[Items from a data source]
★ ★ ★ ★ ★
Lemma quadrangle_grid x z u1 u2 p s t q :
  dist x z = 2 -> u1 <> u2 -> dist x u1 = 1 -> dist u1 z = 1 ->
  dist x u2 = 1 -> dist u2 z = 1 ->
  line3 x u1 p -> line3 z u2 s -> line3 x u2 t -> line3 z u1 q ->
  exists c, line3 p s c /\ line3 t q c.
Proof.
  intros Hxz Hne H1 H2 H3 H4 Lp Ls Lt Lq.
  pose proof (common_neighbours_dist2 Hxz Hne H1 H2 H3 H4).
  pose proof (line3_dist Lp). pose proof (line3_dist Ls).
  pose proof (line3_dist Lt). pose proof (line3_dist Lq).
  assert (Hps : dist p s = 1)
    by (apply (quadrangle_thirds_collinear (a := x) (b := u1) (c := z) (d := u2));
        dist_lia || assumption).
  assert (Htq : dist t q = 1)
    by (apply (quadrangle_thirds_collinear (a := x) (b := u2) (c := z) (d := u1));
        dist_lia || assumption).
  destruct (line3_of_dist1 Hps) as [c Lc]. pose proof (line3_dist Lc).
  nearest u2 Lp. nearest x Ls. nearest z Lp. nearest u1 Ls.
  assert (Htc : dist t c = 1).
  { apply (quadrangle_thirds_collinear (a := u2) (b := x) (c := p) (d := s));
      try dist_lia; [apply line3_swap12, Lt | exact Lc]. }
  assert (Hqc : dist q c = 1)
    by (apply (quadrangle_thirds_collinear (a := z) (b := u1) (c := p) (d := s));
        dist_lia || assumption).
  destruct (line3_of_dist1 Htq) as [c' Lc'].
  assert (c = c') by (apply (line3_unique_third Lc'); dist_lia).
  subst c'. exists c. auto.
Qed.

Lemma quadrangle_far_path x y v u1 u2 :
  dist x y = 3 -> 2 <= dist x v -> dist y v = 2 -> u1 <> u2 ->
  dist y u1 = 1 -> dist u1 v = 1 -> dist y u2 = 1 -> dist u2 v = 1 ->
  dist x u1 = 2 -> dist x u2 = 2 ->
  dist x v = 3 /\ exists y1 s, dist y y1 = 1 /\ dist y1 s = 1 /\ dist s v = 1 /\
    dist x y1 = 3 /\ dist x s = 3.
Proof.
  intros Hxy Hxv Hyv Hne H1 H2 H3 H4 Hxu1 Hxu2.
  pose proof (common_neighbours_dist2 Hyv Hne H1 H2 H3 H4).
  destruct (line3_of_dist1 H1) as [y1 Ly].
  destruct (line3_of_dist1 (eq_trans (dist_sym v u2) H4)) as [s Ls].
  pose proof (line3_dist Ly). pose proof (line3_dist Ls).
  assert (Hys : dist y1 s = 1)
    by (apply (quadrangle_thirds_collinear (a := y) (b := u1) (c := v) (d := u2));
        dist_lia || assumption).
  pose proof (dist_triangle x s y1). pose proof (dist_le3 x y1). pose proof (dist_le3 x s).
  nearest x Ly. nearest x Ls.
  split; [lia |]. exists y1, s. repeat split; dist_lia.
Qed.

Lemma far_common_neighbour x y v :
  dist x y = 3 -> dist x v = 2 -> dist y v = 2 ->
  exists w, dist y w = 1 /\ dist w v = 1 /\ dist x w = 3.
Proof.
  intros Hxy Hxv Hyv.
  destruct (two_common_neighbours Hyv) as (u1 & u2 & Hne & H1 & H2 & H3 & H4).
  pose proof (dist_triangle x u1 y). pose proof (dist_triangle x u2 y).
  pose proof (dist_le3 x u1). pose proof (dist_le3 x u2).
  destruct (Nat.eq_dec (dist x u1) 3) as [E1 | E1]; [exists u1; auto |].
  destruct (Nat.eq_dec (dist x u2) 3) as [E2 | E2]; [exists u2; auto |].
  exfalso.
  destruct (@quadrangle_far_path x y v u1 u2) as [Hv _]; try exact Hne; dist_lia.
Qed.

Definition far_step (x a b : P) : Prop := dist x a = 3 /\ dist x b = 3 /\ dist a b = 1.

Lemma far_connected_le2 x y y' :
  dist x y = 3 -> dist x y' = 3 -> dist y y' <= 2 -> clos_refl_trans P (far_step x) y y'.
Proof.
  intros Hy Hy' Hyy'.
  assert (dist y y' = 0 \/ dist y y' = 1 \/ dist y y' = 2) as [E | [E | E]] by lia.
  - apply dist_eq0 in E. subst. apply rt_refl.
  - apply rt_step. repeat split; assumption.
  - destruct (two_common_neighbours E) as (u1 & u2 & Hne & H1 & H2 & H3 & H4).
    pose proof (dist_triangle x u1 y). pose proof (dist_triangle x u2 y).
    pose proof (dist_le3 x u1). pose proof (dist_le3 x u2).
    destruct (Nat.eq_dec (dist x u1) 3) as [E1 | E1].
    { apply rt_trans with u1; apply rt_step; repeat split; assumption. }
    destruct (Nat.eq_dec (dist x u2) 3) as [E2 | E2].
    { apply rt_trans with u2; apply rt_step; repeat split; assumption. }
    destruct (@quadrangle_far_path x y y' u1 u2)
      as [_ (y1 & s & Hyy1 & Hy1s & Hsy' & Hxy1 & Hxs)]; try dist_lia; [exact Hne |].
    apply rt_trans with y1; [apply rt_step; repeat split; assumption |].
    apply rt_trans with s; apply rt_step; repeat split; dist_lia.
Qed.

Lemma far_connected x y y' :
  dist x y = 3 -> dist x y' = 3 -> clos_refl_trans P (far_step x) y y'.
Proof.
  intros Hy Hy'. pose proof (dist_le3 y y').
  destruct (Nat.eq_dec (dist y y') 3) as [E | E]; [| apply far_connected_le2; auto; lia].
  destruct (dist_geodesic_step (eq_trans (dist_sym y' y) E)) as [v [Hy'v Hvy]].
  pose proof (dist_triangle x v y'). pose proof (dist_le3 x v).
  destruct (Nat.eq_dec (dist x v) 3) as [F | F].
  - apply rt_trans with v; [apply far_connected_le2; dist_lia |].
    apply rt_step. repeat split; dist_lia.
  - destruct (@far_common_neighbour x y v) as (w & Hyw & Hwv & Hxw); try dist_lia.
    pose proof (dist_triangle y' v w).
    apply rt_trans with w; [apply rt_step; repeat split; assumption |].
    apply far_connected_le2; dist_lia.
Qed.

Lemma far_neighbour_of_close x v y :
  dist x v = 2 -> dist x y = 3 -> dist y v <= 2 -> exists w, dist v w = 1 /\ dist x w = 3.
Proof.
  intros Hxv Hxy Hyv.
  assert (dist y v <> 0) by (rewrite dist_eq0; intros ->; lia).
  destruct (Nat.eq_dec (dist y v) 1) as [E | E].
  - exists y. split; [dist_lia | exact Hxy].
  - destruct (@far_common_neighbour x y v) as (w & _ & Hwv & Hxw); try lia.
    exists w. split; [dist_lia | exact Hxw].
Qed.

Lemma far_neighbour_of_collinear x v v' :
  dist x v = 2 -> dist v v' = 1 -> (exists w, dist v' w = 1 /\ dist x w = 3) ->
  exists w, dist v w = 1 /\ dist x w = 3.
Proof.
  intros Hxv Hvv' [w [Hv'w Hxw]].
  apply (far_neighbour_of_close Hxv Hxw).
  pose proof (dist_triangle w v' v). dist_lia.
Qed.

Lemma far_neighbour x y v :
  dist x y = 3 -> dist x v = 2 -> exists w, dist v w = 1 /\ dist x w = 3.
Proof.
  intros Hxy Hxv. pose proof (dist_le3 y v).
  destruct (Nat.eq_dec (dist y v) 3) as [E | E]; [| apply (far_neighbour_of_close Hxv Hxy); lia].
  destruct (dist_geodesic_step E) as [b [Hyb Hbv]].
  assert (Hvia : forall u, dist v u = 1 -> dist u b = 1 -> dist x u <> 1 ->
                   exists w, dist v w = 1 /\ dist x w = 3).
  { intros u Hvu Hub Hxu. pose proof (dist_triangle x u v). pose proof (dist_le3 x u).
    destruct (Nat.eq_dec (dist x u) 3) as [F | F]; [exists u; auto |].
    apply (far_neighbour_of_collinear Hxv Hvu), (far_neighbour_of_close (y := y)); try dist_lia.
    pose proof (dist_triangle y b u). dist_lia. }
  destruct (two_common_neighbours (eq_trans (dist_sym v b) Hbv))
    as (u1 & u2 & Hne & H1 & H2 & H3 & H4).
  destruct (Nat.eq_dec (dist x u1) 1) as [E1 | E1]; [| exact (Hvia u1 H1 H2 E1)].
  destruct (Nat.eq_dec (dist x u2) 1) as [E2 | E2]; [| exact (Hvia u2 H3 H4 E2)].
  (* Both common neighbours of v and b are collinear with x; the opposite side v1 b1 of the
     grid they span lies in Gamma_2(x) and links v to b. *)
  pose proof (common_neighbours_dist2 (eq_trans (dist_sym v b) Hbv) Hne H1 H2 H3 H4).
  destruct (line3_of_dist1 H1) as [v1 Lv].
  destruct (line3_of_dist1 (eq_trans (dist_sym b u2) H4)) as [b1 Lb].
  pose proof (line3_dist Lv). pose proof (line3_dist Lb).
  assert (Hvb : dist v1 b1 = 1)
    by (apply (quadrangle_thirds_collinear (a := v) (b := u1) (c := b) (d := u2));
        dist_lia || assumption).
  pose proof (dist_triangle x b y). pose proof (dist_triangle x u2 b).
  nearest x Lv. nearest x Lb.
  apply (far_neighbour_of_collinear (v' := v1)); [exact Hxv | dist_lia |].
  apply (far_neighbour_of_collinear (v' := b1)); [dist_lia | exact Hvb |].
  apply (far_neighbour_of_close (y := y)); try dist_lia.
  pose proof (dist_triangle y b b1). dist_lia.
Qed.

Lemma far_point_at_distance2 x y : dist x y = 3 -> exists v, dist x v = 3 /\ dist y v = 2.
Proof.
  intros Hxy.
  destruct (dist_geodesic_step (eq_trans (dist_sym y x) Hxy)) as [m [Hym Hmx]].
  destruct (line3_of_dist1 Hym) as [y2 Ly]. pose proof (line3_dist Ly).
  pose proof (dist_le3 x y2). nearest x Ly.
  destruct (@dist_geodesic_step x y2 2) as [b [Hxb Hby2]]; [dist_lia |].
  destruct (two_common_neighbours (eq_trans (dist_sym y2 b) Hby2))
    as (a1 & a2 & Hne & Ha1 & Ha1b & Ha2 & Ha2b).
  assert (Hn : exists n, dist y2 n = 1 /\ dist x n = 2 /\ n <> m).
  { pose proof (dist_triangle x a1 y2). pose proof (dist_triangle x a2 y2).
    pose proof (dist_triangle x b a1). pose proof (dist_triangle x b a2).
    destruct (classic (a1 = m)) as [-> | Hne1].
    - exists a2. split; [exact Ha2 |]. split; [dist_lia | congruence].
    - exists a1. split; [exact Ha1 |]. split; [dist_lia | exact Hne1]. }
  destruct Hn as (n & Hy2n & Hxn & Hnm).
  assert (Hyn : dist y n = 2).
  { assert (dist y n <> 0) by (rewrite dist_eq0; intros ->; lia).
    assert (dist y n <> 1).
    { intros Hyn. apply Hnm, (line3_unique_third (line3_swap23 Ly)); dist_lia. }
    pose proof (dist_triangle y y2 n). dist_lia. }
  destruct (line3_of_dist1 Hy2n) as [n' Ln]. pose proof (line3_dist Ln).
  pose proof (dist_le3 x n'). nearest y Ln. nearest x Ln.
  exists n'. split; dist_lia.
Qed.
★ ★ ★ ★ ★
**Your goal**
Lines after the one containing "Lemma far_common_neighbour x" are not part of the task. Output the entries exactly from their first line through that one.

**Task output**
Lemma quadrangle_grid x z u1 u2 p s t q :
  dist x z = 2 -> u1 <> u2 -> dist x u1 = 1 -> dist u1 z = 1 ->
  dist x u2 = 1 -> dist u2 z = 1 ->
  line3 x u1 p -> line3 z u2 s -> line3 x u2 t -> line3 z u1 q ->
  exists c, line3 p s c /\ line3 t q c.
Proof.
  intros Hxz Hne H1 H2 H3 H4 Lp Ls Lt Lq.
  pose proof (common_neighbours_dist2 Hxz Hne H1 H2 H3 H4).
  pose proof (line3_dist Lp). pose proof (line3_dist Ls).
  pose proof (line3_dist Lt). pose proof (line3_dist Lq).
  assert (Hps : dist p s = 1)
    by (apply (quadrangle_thirds_collinear (a := x) (b := u1) (c := z) (d := u2));
        dist_lia || assumption).
  assert (Htq : dist t q = 1)
    by (apply (quadrangle_thirds_collinear (a := x) (b := u2) (c := z) (d := u1));
        dist_lia || assumption).
  destruct (line3_of_dist1 Hps) as [c Lc]. pose proof (line3_dist Lc).
  nearest u2 Lp. nearest x Ls. nearest z Lp. nearest u1 Ls.
  assert (Htc : dist t c = 1).
  { apply (quadrangle_thirds_collinear (a := u2) (b := x) (c := p) (d := s));
      try dist_lia; [apply line3_swap12, Lt | exact Lc]. }
  assert (Hqc : dist q c = 1)
    by (apply (quadrangle_thirds_collinear (a := z) (b := u1) (c := p) (d := s));
        dist_lia || assumption).
  destruct (line3_of_dist1 Htq) as [c' Lc'].
  assert (c = c') by (apply (line3_unique_third Lc'); dist_lia).
  subst c'. exists c. auto.
Qed.

Lemma quadrangle_far_path x y v u1 u2 :
  dist x y = 3 -> 2 <= dist x v -> dist y v = 2 -> u1 <> u2 ->
  dist y u1 = 1 -> dist u1 v = 1 -> dist y u2 = 1 -> dist u2 v = 1 ->
  dist x u1 = 2 -> dist x u2 = 2 ->
  dist x v = 3 /\ exists y1 s, dist y y1 = 1 /\ dist y1 s = 1 /\ dist s v = 1 /\
    dist x y1 = 3 /\ dist x s = 3.
Proof.
  intros Hxy Hxv Hyv Hne H1 H2 H3 H4 Hxu1 Hxu2.
  pose proof (common_neighbours_dist2 Hyv Hne H1 H2 H3 H4).
  destruct (line3_of_dist1 H1) as [y1 Ly].
  destruct (line3_of_dist1 (eq_trans (dist_sym v u2) H4)) as [s Ls].
  pose proof (line3_dist Ly). pose proof (line3_dist Ls).
  assert (Hys : dist y1 s = 1)
    by (apply (quadrangle_thirds_collinear (a := y) (b := u1) (c := v) (d := u2));
        dist_lia || assumption).
  pose proof (dist_triangle x s y1). pose proof (dist_le3 x y1). pose proof (dist_le3 x s).
  nearest x Ly. nearest x Ls.
  split; [lia |]. exists y1, s. repeat split; dist_lia.
Qed.

Lemma far_common_neighbour x y v :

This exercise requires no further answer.